Lower probability of critical flaws
3 types of fibrous reinforcement
Whiskers: 10-100nm, e.g graphite, SiC
Fibres: 5-15μm, e.g glass, carbon, polymeric
Wires: 0.1-1mm, e.g steel wire
Whiskers information
Very small diameter fibres. Highly crystalline, very low number of flaws, very high strength. Very high aspect ratio. Highly efficient reinforcement (if in right place/orientation). Difficult to combine into a matrix as high crystallinity means few surface flaws or functional groups to adhere to. Very expensive. HARN (high aspect ratio nanoparticles) health concerns (need breathing apparatus). Very high specific tensile strength and specific tensile modulus
Wires information
Basically larger diameter fibres. Limited true composite applications. Much lower specific tensile strength and modulus than fibres or whiskers
How do fibres lie between extremes of whiskers and wires?
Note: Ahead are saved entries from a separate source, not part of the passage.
Lemma slab_continuous_left_le T f s u c : slab_continuous T f -> 0 < s <= T ->
  (forall t, 0 <= t < s -> f t u <= c) -> f s u <= c.
Proof.
  intros Hf Hs Hbelow. apply Rnot_lt_le; intro Hc.
  destruct (Hf s u ltac:(lra) (f s u - c) ltac:(lra)) as [d [Hd Hfd]].
  pose proof (Rmin_l d s); pose proof (Rmin_r d s); pose proof (Rmin_pos d s Hd ltac:(lra)).
  set (t := s - Rmin d s / 2).
  specialize (Hfd t u ltac:(unfold t; lra) ltac:(unfold t; rewrite Rabs_left; lra)).
  rewrite Rminus_diag, Rabs_R0 in Hfd. apply Rabs_def2 in Hfd; [|exact Hd].
  specialize (Hbelow t ltac:(unfold t; lra)). lra.
Qed.

(* The uniform time window comes from the Lebesgue number lemma on [a, b]. *)
Lemma slab_continuous_tube T f s a b c : slab_continuous T f -> 0 <= s <= T ->
  (forall u, a <= u <= b -> f s u < c) ->
  exists d, 0 < d /\ forall t u, 0 <= t <= T -> Rabs (t - s) < d -> a <= u <= b -> f t u < c.
Proof.
  intros Hf Hs Hslice.
  assert (Hloc : forall u, exists del : posreal, a <= u <= b ->
     forall t' u', 0 <= t' <= T -> Rabs (t' - s) < del -> Rabs (u' - u) < del -> f t' u' < c).
  { intro u. destruct (classic (a <= u <= b)) as [Hu|Hu].
    - destruct (Hf s u Hs (c - f s u) ltac:(specialize (Hslice u Hu); lra)) as [d [Hd Hfd]].
      exists (mkposreal d Hd). intros _ t' u' Ht' Htd Hud.
      specialize (Hfd t' u' Ht' Htd Hud). apply Rabs_def2 in Hfd. lra.
    - exists (mkposreal 1 Rlt_0_1). intro; contradiction. }
  destruct (choice _ Hloc) as [delta Hdelta].
  destruct (compactness_value_1d a b delta) as [d Hd].
  exists d. split; [apply cond_pos|].
  intros t u Ht Hts Hu. apply NNPP; intro Hnot.
  apply (Hd u Hu). intros [u0 [Hu0 [Hud Hd0]]].
  apply Hnot, (Hdelta u0 Hu0 t u Ht); lra.
Qed.

Lemma periodic_slice_bounds T f t : periodic_u f -> slab_continuous T f -> 0 <= t <= T ->
  exists um uM, forall u, f t um <= f t u <= f t uM.
Proof.
  intros Hper Hf Ht. pose proof PI_RGT_0.
  assert (Hcont : forall u, 0 <= u <= 2 * PI -> continuity_pt (f t) u)
    by (intros u _; exact (slab_continuous_slice T f t Ht Hf u)).
  destruct (continuity_ab_min (f t) 0 (2 * PI) ltac:(lra) Hcont) as [um [Hum _]].
  destruct (continuity_ab_maj (f t) 0 (2 * PI) ltac:(lra) Hcont) as [uM [HuM _]].
  exists um, uM. intro u.
  destruct (periodic_u_reduce f Hper t u) as [u' [Hu' ->]].
  split; [apply Hum | apply HuM]; exact Hu'.
Qed.

Lemma slab_first_hitting T f c t0 u0 : periodic_u f -> slab_continuous T f ->
  (forall u, f 0 u < c) -> 0 <= t0 < T -> c <= f t0 u0 ->
  exists ts us, 0 < ts < T /\ c <= f ts us /\ (forall u, f ts u <= c) /\
    (forall t u, 0 <= t < ts -> f t u < c).
Proof.
  intros Hper Hf H0 Ht0 Hhit. pose proof PI_RGT_0.
  set (E := fun t => 0 <= t < T /\ exists u, c <= f t u).
  destruct (ex_inf E 0 t0) as [ts [Hlb Hglb]];
    [split; [lra | exists u0; exact Hhit] | intros x [Hx _]; lra |].
  assert (Hts0 : 0 <= ts) by (apply Hglb; intros x [Hx _]; lra).
  assert (Hts : ts <= t0) by (apply Hlb; split; [lra | exists u0; exact Hhit]).
  assert (Hbelow : forall t u, 0 <= t < ts -> f t u < c).
  { intros t u Ht. apply Rnot_le_lt; intro Hc.
    assert (ts <= t) by (apply Hlb; split; [lra | exists u; exact Hc]). lra. }
  assert (Hattained : exists us, c <= f ts us).
  { apply NNPP; intro Hno.
    assert (Hslice : forall u, 0 <= u <= 2 * PI -> f ts u < c)
      by (intros u _; apply Rnot_le_lt; intro Hc; apply Hno; exists u; exact Hc).
    destruct (slab_continuous_tube T f ts 0 (2 * PI) c Hf ltac:(lra) Hslice) as [d [Hd Htube]].
    assert (ts + d / 2 <= ts); [|lra].
    apply Hglb. intros t [Ht [u Hu]]. apply Rnot_lt_le; intro Hlt.
    assert (ts <= t) by (apply Hlb; split; [exact Ht | exists u; exact Hu]).
    destruct (periodic_u_reduce f Hper t u) as [u' [Hu' Eu]]. rewrite Eu in Hu.
    assert (f t u' < c) by (apply Htube; [lra | rewrite Rabs_right; lra | exact Hu']).
    lra. }
  destruct Hattained as [us Hus].
  assert (Htspos : 0 < ts).
  { destruct Hts0 as [P|P]; [exact P|]. rewrite <- P in Hus. specialize (H0 us). lra. }
  exists ts, us. repeat split; try lra; [|exact Hbelow].
  intro u. apply (slab_continuous_left_le T f ts u c Hf ltac:(lra)).
  intros t Ht. apply Rlt_le, Hbelow, Ht.
Qed.

Definition arc_laplacian (g v : R -> R -> R) (t u : R) : R :=
  Derive (fun u' => Derive (v t) u' / g t u') u / g t u.

Record heat_solution (a T : R) (g v : R -> R -> R) : Prop := {
  heat_periodic : periodic_u v;
  heat_continuous : slab_continuous T v;
  heat_speed_pos : forall t u, 0 < t < T -> 0 < g t u;
  heat_ex_derive : forall t u, 0 < t < T -> ex_derive (v t) u;
  heat_ex_derive_flux : forall t u, 0 < t < T ->
    ex_derive (fun u' => Derive (v t) u' / g t u') u;
  heat_time_derive : forall t u, 0 < t < T ->
    is_derive (fun s => v s u) t (a * arc_laplacian g v t u) }.

Section MaximumPrinciple.

Variables (a T m : R) (g v : R -> R -> R).
Hypotheses (Ha : 0 <= a) (Hv : heat_solution a T g v) (Hm : forall u, v 0 u <= m).

Lemma heat_sub_linear_bound eps : 0 < eps ->
  forall t u, 0 <= t < T -> v t u - eps * t < m + eps.
Proof.
  intros Heps t0 u0 Ht0. apply Rnot_le_lt; intro Hhit.
  set (w := fun t u => v t u - eps * t).
  destruct (slab_first_hitting T w (m + eps) t0 u0) as [ts [us [Hts [Hus [Hmax Hbelow]]]]].
  - intros t u. unfold w. rewrite (heat_periodic _ _ _ _ Hv). reflexivity.
  - apply slab_continuous_sub_linear, (heat_continuous _ _ _ _ Hv).
  - intro u. unfold w. specialize (Hm u). lra.
  - exact Ht0.
  - exact Hhit.
  - assert (Hg : 0 < g ts us) by exact (heat_speed_pos _ _ _ _ Hv ts us Hts).
    assert (Hlap : arc_laplacian g v ts us <= 0).
    { unfold arc_laplacian, Rdiv at 1.
      apply Rmult_le_0_r; [| apply Rlt_le, Rinv_0_lt_compat, Hg].
      apply (Derive_flux_nonpos_of_local_max (v ts) (g ts) us 1 Rlt_0_1).
      - intro y. exact (heat_ex_derive _ _ _ _ Hv ts y Hts).
      - intro y. exact (heat_speed_pos _ _ _ _ Hv ts y Hts).
      - exact (heat_ex_derive_flux _ _ _ _ Hv ts us Hts).
      - intros y _. specialize (Hmax y). unfold w in Hmax, Hus. lra. }
    assert (Htime : 0 <= a * arc_laplacian g v ts us - eps).
    { apply (is_derive_nonneg_of_left_max (fun s => v s us - eps * s) ts _ ts).
      - apply (is_derive_minus (fun s => v s us) (fun s => eps * s)).
        + exact (heat_time_derive _ _ _ _ Hv ts us Hts).
        + auto_derive; [exact I | ring].
      - lra.
      - intros y Hy. specialize (Hbelow y us ltac:(lra)). unfold w in Hbelow, Hus. lra. }
    nra.
Qed.

Theorem heat_max_principle : forall t u, 0 <= t <= T -> v t u <= m.
Proof.
  assert (Hopen : forall t u, 0 <= t < T -> v t u <= m).
  { intros t u Ht. apply Rnot_lt_le; intro Hgt.
    set (eps := (v t u - m) / (2 * (1 + t))).
    assert (Heps : 0 < eps) by (apply Rdiv_lt_0_compat; lra).
    assert (eps * (1 + t) = (v t u - m) / 2) by (unfold eps; field; lra).
    pose proof (heat_sub_linear_bound eps Heps t u Ht). nra. }
  intros t u Ht. destruct (Rlt_or_le t T) as [Hlt|Hge]; [apply Hopen; lra|].
  replace t with T by lra.
  destruct (Req_dec T 0) as [HT0|HT0]; [rewrite HT0; apply Hm|].
  apply (slab_continuous_left_le T v T u m (heat_continuous _ _ _ _ Hv)); [lra|].
  intros t' Ht'. apply Hopen. exact Ht'.
Qed.

End MaximumPrinciple.

Lemma arc_laplacian_opp g v t u :
  arc_laplacian g (fun t u => - v t u) t u = - arc_laplacian g v t u.
Proof.
  unfold arc_laplacian; cbv beta.
  rewrite (Derive_ext (fun u' => Derive (fun x => - v t x) u' / g t u')
                      (fun u' => - (Derive (v t) u' / g t u'))).
  - rewrite Derive_opp. unfold Rdiv. ring.
  - intro y. rewrite Derive_opp. unfold Rdiv. ring.
Qed.

Lemma heat_solution_opp a T g v :
  heat_solution a T g v -> heat_solution a T g (fun t u => - v t u).
Proof.
  intros Hv. constructor.
  - intros t u. rewrite (heat_periodic _ _ _ _ Hv). reflexivity.
  - apply slab_continuous_opp, (heat_continuous _ _ _ _ Hv).
  - exact (heat_speed_pos _ _ _ _ Hv).
  - intros t u Ht. exact (ex_derive_opp (v t) u (heat_ex_derive _ _ _ _ Hv t u Ht)).
  - intros t u Ht.
    apply ex_derive_ext with (fun u' => - (Derive (v t) u' / g t u')).
    + intro y. rewrite Derive_opp. unfold Rdiv. apply Ropp_mult_distr_l.
    + exact (ex_derive_opp _ u (heat_ex_derive_flux _ _ _ _ Hv t u Ht)).
  - intros t u Ht. rewrite arc_laplacian_opp.
    replace (a * - arc_laplacian g v t u) with (- (a * arc_laplacian g v t u)) by ring.
    exact (is_derive_opp _ _ _ (heat_time_derive _ _ _ _ Hv t u Ht)).
Qed.

Corollary heat_min_max_principle a T m M g v : 0 <= a -> heat_solution a T g v ->
  (forall u, m <= v 0 u <= M) -> forall t u, 0 <= t <= T -> m <= v t u <= M.
Proof.
  intros Ha Hv Hinit t u Ht. split.
  - apply Ropp_le_cancel.
    apply (heat_max_principle a T (- m) g (fun t u => - v t u) Ha (heat_solution_opp _ _ _ _ Hv));
      [|exact Ht].
    intro u'. specialize (Hinit u'). lra.
  - apply (heat_max_principle a T M g v Ha Hv); [|exact Ht].
    intro u'. apply Hinit.
Qed.

Lemma framed_flow_angle_heat alpha T gam0 th0 gam th :
  framed_flow_solution alpha T gam0 th0 gam th -> heat_solution alpha T (speed gam) th.
Proof.
  intros (_ & Hper & _ & _ & _ & _ & _ & Hcont & Hspeed & Hreg & Hflow).
  constructor.
  - exact Hper.
  - exact (cont_on_slab_slab_continuous T th Hcont).
  - intros t u Ht. apply Hspeed. lra.
  - intros t u Ht. apply (Hreg t u Ht).
  - intros t u Ht. apply (Hreg t u Ht).
  - intros t u Ht. apply (Hflow t u Ht).
Qed.

Theorem mainTheorem3 (alpha T : R) (gam0 : R -> vec3) (th0 : R -> R)
    (gam : R -> R -> vec3) (th : R -> R -> R) :
  0 < alpha -> 0 <= T ->
  (forall u, Rabs (th0 u) < PI / 2) ->
  framed_flow_solution alpha T gam0 th0 gam th ->
  forall t u, 0 <= t <= T -> Rabs (th t u) < PI / 2 /\ 0 < cos (th t u).
Proof.
  intros Ha HT Hth0 Hsol.
  pose proof (framed_flow_angle_heat _ _ _ _ _ _ Hsol) as Hheat.
  destruct Hsol as (_ & _ & _ & Hinit & _).
  destruct (periodic_slice_bounds T th 0 (heat_periodic _ _ _ _ Hheat)
              (heat_continuous _ _ _ _ Hheat) ltac:(lra)) as [um [uM Hbounds]].
  assert (Hlow : - (PI / 2) < th 0 um)
    by (rewrite Hinit; destruct (Rabs_def2 _ _ (Hth0 um)); lra).
  assert (Hhigh : th 0 uM < PI / 2)
    by (rewrite Hinit; destruct (Rabs_def2 _ _ (Hth0 uM)); lra).
  intros t u Ht.
  destruct (heat_min_max_principle alpha T _ _ (speed gam) th ltac:(lra) Hheat Hbounds t u Ht).
  split; [apply Rabs_def1 | apply cos_gt_0]; lra.
Qed.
Good properties and efficient reinforcement.
Processing is economically viable
Cost, modulus and strength of glass, carbon and polymeric fibres
Glass: low cost, medium modulus, medium-high strength.
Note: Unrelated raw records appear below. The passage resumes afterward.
Lemma positivity_propagates (s t y x : R) :
  0 < s -> s < t -> 0 < y -> 0 < x -> 0 < n s y -> 0 < n t x.
Proof.
move=> s0 st y0 x0 nsy.
have δ0 : 0 < n s y / 2 by rewrite divr_gt0.
have [ε0 ε0_gt0 near_y] : exists2 ε0, 0 < ε0 & forall ξ, `|ξ - y| < ε0 -> n s y / 2 < n s ξ.
  have [/derivable1_diffP/differentiable_continuous ns_cont _ _ _ _] := n_C21 s0 y0.
  have [e /= e0 close] := @cvgr_dist_lt _ _ _ _ _ (n s) (n s y) ns_cont _ δ0.
  exists e => // ξ /[dup] ξy; rewrite distrC => /close /ltr_normlP [_]; lra.
pose ε := Num.min ε0 (Num.min x y / 2).
have ε_gt0 : 0 < ε by rewrite !lt_min ε0_gt0 divr_gt0 ?lt_min ?x0.
apply: (positivity_propagates_from_ball s0 st y0 x0 δ0 ε_gt0).
  by rewrite -ler_pdivlMl // mulrC ge_min lexx orbT.
by move=> ξ ξy; apply: near_y; rewrite (lt_le_trans ξy) // ge_min lexx.
Qed.

End Positivity.

Lemma CL1_vanishing_initial_datum (R : realType) (n : R -> R -> R) (n0 : R -> R) (t : R) :
  CL1 n n0 -> 0 < t -> (forall s x, 0 < s -> s < t -> 0 < x -> n s x = 0) ->
  {ae @lebesgue_measure R, forall x, halfline x -> n0 x = 0}.
Proof.
move=> [n_int [n_init n_cont]] t0 n_vanish.
pose I := (\int[@lebesgue_measure R]_(x in @halfline R) (`|n 0 x|)%:E)%E.
pose F s := (\int[@lebesgue_measure R]_(x in @halfline R) (`|n s x - n 0 x|)%:E)%E.
(* [F] tends to [0] by L^1 continuity but equals [I] on (0, t) *)
have F0 : F @ 0^'+ --> 0%E.
  apply: cvg_trans (n_cont 0 (lexx 0)); apply: cvg_app.
  move=> A [e e0 Ae]; exists e => // x xe x0; apply: Ae => //; exact: ltW.
have FI : F @ 0^'+ --> I.
  apply: cvg_trans (near_eq_cvg _) (cvg_cst I).
  near=> s; have s0 : 0 < s by near: s; exact: nbhs_right_gt.
  have st : s < t by near: s; exact: nbhs_right_lt.
  apply: eq_integral => x; rewrite inE /halfline /= in_itv /= andbT => x0.
  by rewrite (n_vanish s x) // sub0r normrN.
have I0 : I = 0%E by exact: (cvg_unique _ FI F0).
have /integrableP [n0_meas _] := n_int 0 (lexx 0).
have := (ae_eq_integral_abs (@lebesgue_measure R) (measurable_itv _) n0_meas).1.
have -> : (\int[@lebesgue_measure R]_(x in @halfline R) `|(n 0 x)%:E|)%E = I.
  by apply: eq_integral => x _; rewrite abse_EFin.
move=> /(_ I0) n00_ae; apply: filterS2 n00_ae n_init => x n00 n0n xI.
by have := n00 xI; rewrite -(n0n xI) => -[].
Unshelve. all: by end_near. Qed.
Lemma invertible_a_t (t : 'I_3 -> R) : invertible (a_t t).
Proof.
exists (a_t (fun i => - t i)); rewrite !a_tD.
by split; apply: a_t_eq1 => i; rewrite ?subrr ?addNr.
Qed.

Lemma adjm_a_t (t : 'I_3 -> R) : adjm (a_t t) = a_t t.
Proof.
rewrite a_tE adjm_diag_mx; congr diag_mx.
by apply/rowP => i; rewrite !mxE sconj_real.
Qed.

Lemma conjJ_a_t (t : 'I_3 -> R) : J * a_t t * J = a_t t.
Proof.
rewrite JmE a_tE -!mulmxE !mulmx_diag; congr diag_mx.
apply/rowP => i; rewrite !mxE.
by case: (i == 0); rewrite ?mul1r ?mulr1 ?mulN1r ?mulrN1 ?opprK.
Qed.

Lemma sigma_a_t (t : 'I_3 -> R) : sigma (a_t t) = a_t (fun i => - t i).
Proof. by rewrite sigmaE minv_a_t adjm_a_t conjJ_a_t. Qed.

Lemma hs2_a_t (t : 'I_3 -> R) : hs2 (a_t t) = \sum_i expR (2 * t i).
Proof.
apply: eq_bigr => i _; rewrite (bigD1 i) //= big1 => [|j ji].
  by rewrite mxE eqxx snorm2_real addr0 expRM_natl.
by rewrite mxE eq_sym (negPf ji) snorm2E mul0r raddf0.
Qed.

Lemma Phi_a_t (t : 'I_3 -> R) :
  Phi (a_t t) = (\sum_i expR (4 * t i)) * (\sum_i expR (- (4 * t i))).
Proof.
rewrite /Phi sigma_a_t !minv_a_t !a_tD !hs2_a_t.
by congr (_ * _); apply: eq_bigr => i _; congr expR; ring.
Qed.

Lemma Phi_a_t_perm (t : 'I_3 -> R) (s : 'S_3) :
  Phi (a_t (fun i => t (s i))) = Phi (a_t t).
Proof.
by rewrite !Phi_a_t; congr (_ * _); rewrite [RHS](reindex_inj (@perm_inj _ s)).
Qed.

End Matrices.

Lemma sum3 (V : nmodType) (f : 'I_3 -> V) : \sum_i f i = f i1 + f i2 + f i3.
Proof.
rewrite !big_ord_recl big_ord0 addr0 addrA /i1 /i2 /i3.
by congr (_ + f _ + f _); apply: val_inj; rewrite /= inordK.
Qed.

Lemma sum_expR_mul_sum_expRN (R : realType) (x : 'I_3 -> R) :
  (\sum_i expR (x i)) * (\sum_i expR (- x i))
    = 3 + 2 * coshR (x i1 - x i2) + 2 * coshR (x i1 - x i3)
        + 2 * coshR (x i2 - x i3).
Proof.
rewrite !sum3 /coshR !opprB !expRB !expRN.
have := expR_gt0 (x i1); have := expR_gt0 (x i2); have := expR_gt0 (x i3).
by move=> e1 e2 e3; field; rewrite ?gt_eqF.
Qed.

Theorem lemma1p9 (R : realType) (F : fld) :
  (forall (g : 'M[scal R F]_3) (t : 'I_3 -> R),
     \sum_i t i = 0 -> SL3 g ->
     (exists k h, Kgrp k /\ Hgrp h /\ g = k * @a_t R F t * h) ->
     Phi g = (\sum_i expR (4 * t i)) * (\sum_i expR (- (4 * t i))) /\
     (\sum_i expR (4 * t i)) * (\sum_i expR (- (4 * t i)))
       = 3 + 2 * coshR (4 * (t i1 - t i2)) + 2 * coshR (4 * (t i1 - t i3))
           + 2 * coshR (4 * (t i2 - t i3))) /\
  (forall g k : 'M[scal R F]_3, SL3 g -> Kgrp k -> Phi (k * g) = Phi g) /\
  (forall g h : 'M[scal R F]_3, SL3 g -> Hgrp h -> Phi (g * h) = Phi g) /\
  (forall g : 'M[scal R F]_3, SL3 g -> Phi (sigma g) = Phi g) /\
  (forall (t : 'I_3 -> R) (s : 'S_3), \sum_i t i = 0 ->
     Phi (@a_t R F (fun i => t (s i))) = Phi (@a_t R F t)).
Proof.
have Hgrp_fixed (h : 'M[scal R F]_3) : Hgrp h -> invertible h /\ sigma h = h.
  by move=> /Hgrp_Gsigma [[ih _] sh].
split.
  move=> g t _ _ [k [h [Kk [/Hgrp_fixed [ih sh] ->]]]].
  have [[ik _] _] := Kk.
  have iat := invertible_a_t F t.
  rewrite (Phi_mul_sigma_fixed (invertibleM ik iat) ih sh) (Phi_Kmul iat Kk).
  rewrite Phi_a_t; split => //; rewrite !mulrBr.
  exact: (sum_expR_mul_sum_expRN (fun i => 4 * t i)).
split; first by move=> g k [ig _]; apply: Phi_Kmul.
split; first by move=> g h [ig _] /Hgrp_fixed [ih sh]; apply: Phi_mul_sigma_fixed.
split; first by move=> g [ig _]; apply: Phi_sigma.
by move=> t s _; apply: Phi_a_t_perm.
Qed.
Carbon: high cost, high-very high modulus, high-very high strength.
Polymeric: medium-high cost, medium-high modulus, medium-high strength
Structure of glass in glass fibres
Based on SiO2 with other oxides added. Series of interconnected tetrahedral SiO2 groups repeated in 3D with Si atoms at centre, O atoms at vertices and strong covalent bonds between atoms. Usually amorphous. Some crystallisation possible at high T leading to reduction in strength
Physical properties of glass in bulk or fibre
Bulk: transparent, hard, corrosion resistant, chemically inert.
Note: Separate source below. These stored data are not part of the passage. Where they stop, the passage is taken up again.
Theorem lemma2 (L : lang) (U : Type) (S : structure L U) (K : Type)
  (Hmon : monster S K)
  (M C A B B1 B2 : U -> Prop)
  (HM : elem_sub S M) (HMsmall : small K M)
  (HMC : forall u, M u -> C u) (Hfull : full S M C)
  (HAB : fs_seq S M C [A; B])
  (Hpart : disj_union B B1 B2) :
  fs_seq S M C [A; B1; B2] <-> fs_seq S M C [B1; B2].
Proof.
  destruct HM as [[m0 Hm0] _]. destruct Hpart as [HB _].
  assert (HB1 : forall u, B1 u -> B u) by (intros u Hu; apply HB; auto).
  assert (HB2 : forall u, B2 u -> B u) by (intros u Hu; apply HB; auto).
  unfold fs_seq in *; simpl in *. destruct HAB as [HA [HBf _]].
  split.
  - intros [_ [H1 [H2 _]]]. repeat split.
    + apply (fs_mono S M B1 (fun u => C u \/ A u)); auto.
    + apply (fs_mono S M B2 (fun u => (C u \/ A u) \/ B1 u)); auto. tauto.
  - intros [_ [H2 _]]. repeat split; auto.
    + apply (fs_mono S M B (fun u => C u \/ A u)); auto.
    + apply (fs_add_parameters S M C (fun u => C u \/ A u) B B1 B2 m0); auto.
Qed.
Lemma rho_coefD (v w : V) (m : mindex n) :
  rho_coef (v + w) m =
  \sum_(a : {ffun 'I_n -> 'I_(mdeg m).+1} | [forall i, (a i <= m i)%N])
     rho_coef v (fun i => a i) * rho_coef w (fun i => m i - a i)%N.
Proof.
rewrite /rho_coef.
under eq_bigr => i _ do rewrite mxE opprD addrC exp_coefD
  (big_ord_widen (mdeg m).+1 (fun k => (- v 0 i) ^+ k / (k`!)%:R *
     ((- w 0 i) ^+ (m i - k) / ((m i - k)`!)%:R))
     (leq_mdeg m i : (m i).+1 <= (mdeg m).+1)%N).
rewrite bigA_distr_big_dep; apply: eq_big => [a|a _]; last by rewrite -big_split.
by apply/familyP/forallP => le_am i; have := le_am i.
Qed.

Lemma rhoD (v w : V) : rho (v + w) = psmul (rho v) (rho w).
Proof.
apply: funext => m; rewrite /rho rho_coefD rmorph_sum.
by apply: eq_bigr => a _; rewrite rmorphM.
Qed.

Lemma rho_mzero (v : V) : rho v mz = 1.
Proof.
rewrite /rho /rho_coef big1 ?rmorph1 // => i _.
by rewrite expr0 fact0 invr1 mulr1.
Qed.

Lemma rho_latv z : rho (latv R z) = Defs.delta R (- z).
Proof.
apply: funext => m; rewrite /rho /rho_coef rmorph_prod; apply: eq_bigr => i _.
by rewrite rmorphM fmorphV rmorphXn rmorphN !mxE rmorph_int rmorph_nat intrN.
Qed.

Lemma rho_mult_triv : mult_triv setT rho.
Proof.
split=> [v z _|v _|v w _ _]; [|exact: rho_mzero|exact: rhoD].
by rewrite addrC rhoD rho_latv.
Qed.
Fibre form: stiff, strong, relatively flexible
Isotropy of glass fibres
Same properties parallel to fibre direction (longitudinal) as perpendicular to fibre direction (transverse). Contrast to carbon/polymeric fibres
What do low valency elements do in glass?
Low valency elements in the oxide mixture preferentially bond to the O. E.g Ca, Na, K. Reduces stiffness and strength but improves processing
Types of glass fibres used in composites
E-glass (electrical): good strength, stiffness, electrical and weathering properties, cheapest so most common
C-glass (corrosion): better corrosion resistance, lower strength.
S-glass (strength): more expensive, higher strength, tensile modulus and temperature resistance.
ECR and AR glasses: for acid and alkali resistance
Glass fibre applications
Marine: boat/ship/yacht hulls
Automotive: car/truck/bus shells
Military: minesweepers, aircraft radomes and interiors
Construction: panels, beams, gratings, pipes, ladders, handrails, trench covers, platforms.
Storage tanks and silos. Elec equipment, printed circuit boards. Bath and shower enclosures
How are glass fibres made ?
Weigh and dry mix oxide powders in correct proportions. Pass to refractory furnace and melt and homogenise at 1370C. Pass to refiner at 1340C which completes homogenisation and allows for removal of bubbles. Pass to forehearth at 1250C which allows extrusion of molten glass out through Pt bushings with thousands of holes. Draw fibres down rapidly at 60m/s. Quench fibres using air or sprayed water to solidify them. Size fibres (coat). Process (wind or chop)
What is diameter of fibres controlled by?
Viscosity of melt (dependent on composite and temperature).
Size of bushing holes.
Drawing speed.
E-glass usually 8-15μm diameter
Processing of glass fibres
Continuous strand (over 100mm long) is long fibres.
Chopped strand (3-100mm long) is short fibres.
Hammer milled (30μm-3mm long) is particulate.